It does no good, but hopefully will do no harm, for this court to agree with plaintiffs in both cases that the Eleventh Circuit misread the Supreme Court's Stewart Organization, Inc. v. Ricoh Corp., 487 U.S. 22, 108 S.Ct. 2239, 101 L.Ed.2d 22. Instead of recognizing a forum selection clause as only one factor, among others, to be weighed by the trial court, as the Supreme Court held, the Eleventh Circuit has, as a practical matter, made the clause the overriding consideration. It became the controlling criterion because there was nothing recognized which can outweigh it. The mere fact that the Eleventh Circuit has misread the Supreme Court, if it has, does not give any district court in Alabama, Florida or Georgia, much less this court, the right to deviate from the Eleventh Circuit's unmistakable interpretation of the Supreme Court. It is the Eleventh Circuit's understanding of the Supreme Court, and not this court's understanding of the Supreme Court, that guides this court. In In re Ricoh Corporation, the writ of mandamus issued to this court was based on a finding that all of this court's various specific findings of fact that this court thought were pertinent under 29 U.S.C. § 1404(a) were inconsequential in view of the insurmountable burden of proof placed on Stewart Organization by the forum selection clause it had executed as part of its contract. With the ink hardly dry on the Eleventh Circuit's writ directed to this court, this court would be both foolish and fool-hardy not to follow the unmistakable direction in which it was pointed. It follows that it can be only of academic interest that this court joins plaintiffs in acknowledging the logic of courts which have most recently spoken on this same subject, in the following cases:

All of these district courts refused to be "ring-nosed" by a forum selection clause where, after considering all of the facts, they found a forum substantially more convenient and fairer to plaintiffs or to defendants than the one contained in the contract. However, none of these decisions can provide succor to the plaintiffs in these two cases. In re Ricoh Corporation is too overwhelming.
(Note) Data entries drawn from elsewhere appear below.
(* Let $3\le p<n$, let $c\in\mathbb{R}^A$, let $s\in V\setminus\{n\}$, $t\in V\setminus\{0\}$ with $s\neq t$, and let $R\subseteq V\setminus\{s,t,0,n\}$ with $|R|\ge 2$. Suppose that one of the conditions (i)–(iv) below holds, and that $c_{ij}=\beta$ for all arcs $(i,j)$ of some unbalanced 1-tree $H$ on $R$. Then $c_{ij}=\beta$ for all $(i,j)\in A(R)$, and there are $\sigma,\tau$ with $c_{si}=\sigma$ and $c_{it}=\tau$ for all $i\in R$. Conditions: (i) $|R|\ge 5$ and $c_{ik}+c_{kj}=c_{il}+c_{lj}$ for all distinct $i\in R\cup\{s\}$, $j\in R\cup\{t\}$, $k,l\in R$; (ii) $|R|\ge p\ge 4$ and $c(P)$ is constant over all simple directed $(s,t)$-paths with $p$ arcs whose internal nodes lie in $R$; (iii) $|R|=p-1$, $c(P)$ is constant over all simple directed $(s,t)$-paths with $p$ arcs whose internal nodes are exactly the nodes of $R$, and for some $2\le r<p$, $c(P)$ is constant over all simple directed $(s,t)$-paths with $r$ arcs whose $r-1$ internal nodes lie in $R$; (iv) $p=3$, $|R|\ge3$, $c(P)$ is constant over all simple directed $(s,t)$-paths with 3 arcs whose internal nodes lie in $R$, and $c(P)$ is constant over all simple directed $(s,t)$-paths with 2 arcs whose inner node lies in $R$.
   Context: Let $n$ be a positive integer, $V=\{0,1,\dots,n\}$, and let $D=(V,A)$ be the digraph whose arc set $A$ consists of all ordered pairs $(i,j)$ with $i\neq j$, $i,j\in V$, except that no arc enters node $0$, no arc leaves node $n$, and the arc $(0,n)$ is absent. $c(P)=\sum_{(i,j)\in P}c_{ij}$; $A(R)$ is the set of arcs of $A$ with both endnodes in $R$. A balanced cycle is a simple cycle of the underlying undirected graph (arcs traversed in either direction) that contains the same number of forward and backward arcs. An unbalanced 1-tree on $R$ is a set of arcs of $A(R)$ consisting of a spanning tree $T$ of $R$ (ignoring orientations) plus one further arc $(k,l)$ whose fundamental cycle with respect to $T$ is not balanced. *)

(* Nodes V = {0,...,n} are 'I_n.+1; node 0 is ord0, node n is ord_max. *)
From HB Require Import structures.
From mathcomp Require Import all_boot all_order all_algebra.
From mathcomp Require Export reals.
Set Implicit Arguments. Unset Strict Implicit. Unset Printing Implicit Defensive.
Import Order.TTheory GRing.Theory Num.Theory.
Local Open Scope ring_scope.
(* Let $p$ be a prime, $C\subseteq\mathbb{F}_p^{2n}$ a symplectic self-orthogonal code with stabilizer code $Q(C)\subseteq\mathbb{C}^{p^n}$, and let $\emptyset\neq I\subsetneq J\subsetneq\{1,\dots,n\}$. If \[\sigma_I\left[\pi_J\left(C^{\perp_s}\right)\right]=\sigma_I(C),\] then $Q(C)$ is $(I,J)$-locally recoverable.
   Context: Vectors of $\mathbb{F}_p^{2n}$ are written $(\mathbf a|\mathbf b)$, $\mathbf a,\mathbf b\in\mathbb F_p^n$, coordinate pair $(a_j,b_j)$ indexed by $j\in\{1,\dots,n\}$. Symplectic form: $(\mathbf a|\mathbf b)\cdot_s(\mathbf c|\mathbf d)=\mathbf a\cdot\mathbf d-\mathbf b\cdot\mathbf c$; $C^{\perp_s}$ is the dual; $C$ is symplectic self-orthogonal if $C\subseteq C^{\perp_s}$. For $R\subseteq\{1,\dots,n\}$: $\pi_R(\mathbf a|\mathbf b)=(a_j|b_j)_{j\in R}$, puncturing $\pi_R(D)=\{\pi_R(\mathbf y):\mathbf y\in D\}$, shortening $\sigma_R(D)=\{\pi_R(\mathbf y):\mathbf y=(\mathbf a|\mathbf b)\in D,\ \mathrm{supp}(\mathbf a)\cup\mathrm{supp}(\mathbf b)\subseteq R\}$; for $I\subseteq J$ the shortening at $I$ of a code in $\mathbb F_p^{2|J|}$ (pairs indexed by $J$) is defined the same way. Quantum setting: $\xi=e^{2\pi\iota/p}$, $X(a)|x\rangle=|x+a\rangle$, $Z(b)|x\rangle=\xi^{bx}|x\rangle$ on $\mathbb C^p$, $E_{(\mathbf a,\mathbf b)}=\bigotimes_jX(a_j)Z(b_j)$. $Q(C)$ is the common eigenspace $\{v:Ev=\lambda(E)v\ \forall E\in S\}$, $S$ the commutative group generated by scalars $\xi^\ell\mathcal I$ and $E_{\mathbf y}$, $\mathbf y\in C$, $\lambda$ a character of $S$ with $\lambda(\xi\mathcal I)=\xi$. Let $\Gamma(\rho)=p^{-2}\sum_{a,b}X(a)Z(b)\rho (X(a)Z(b))^\dagger$, and $\Gamma^I$ apply $\Gamma$ to the qudits indexed by $I$ and the identity elsewhere. For $\emptyset\ne I\subsetneq J$, a code $Q$ is $(I,J)$-locally recoverable if there is a trace-preserving quantum operation $\mathcal R$ acting only on the qudits indexed by $J$ (identity on the others) with $\mathcal R\circ\Gamma^I(|\varphi\rangle\langle\varphi|)=|\varphi\rangle\langle\varphi|$ for all $|\varphi\rangle\in Q$. *)

From mathcomp Require Import all_boot all_order all_algebra all_field.
Set Implicit Arguments. Unset Strict Implicit. Unset Printing Implicit Defensive.
Import Order.TTheory GRing.Theory Num.Theory.
Local Open Scope ring_scope.

Section Defs.
Variables (p n : nat).

(** Vectors (a|b) of F_p^{2n}: pairs of row vectors; coordinate j : 'I_n
    (0-based indexing of {1,...,n}). *)
Definition vec := ('rV['F_p]_n * 'rV['F_p]_n)%type.

Definition code_subspace (C : {set vec}) : Prop :=
  ((0 : 'rV['F_p]_n), (0 : 'rV['F_p]_n)) \in C /\
  forall (c : 'F_p) (u v : vec), u \in C -> v \in C ->
    (c *: u.1 + v.1, c *: u.2 + v.2) \in C.

Definition sform (x y : vec) : 'F_p :=
  \sum_(j < n) x.1 0 j * y.2 0 j - \sum_(j < n) x.2 0 j * y.1 0 j.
Mr. Moses, et al., in CV 88-AR-1745-S, challenge the validity vel non of the clause itself, and, on this basis, they attempt to distinguish their case from In re Ricoh Corporation. This court does not believe that the Eleventh Circuit could be persuaded by such a distinction when it was unpersuaded in In re Ricoh Corporation by the fact that the very last agreement between Stewart Organization and Ricoh Corporation may not even have contained a forum selection clause. Mr. Moses, et al., make a valid point, but one which is unavailing, when they refer to the Federal Trade Commission's pre-Stewart Organization expression of concern over the usual imbalance of bargaining power in the franchisor-franchisee relationship, such a concern that the FTC succeeded in requiring Firestone Photographs, Inc., to notify all of its franchisees that it will not attempt to enforce the contractual provisions which limits suits against it to the courts of Ohio. See Firestone Photographs, Inc., 1978 F.T.C. Complaints and Orders (CCH) ¶ 21,389 (Apr. 20, 1978).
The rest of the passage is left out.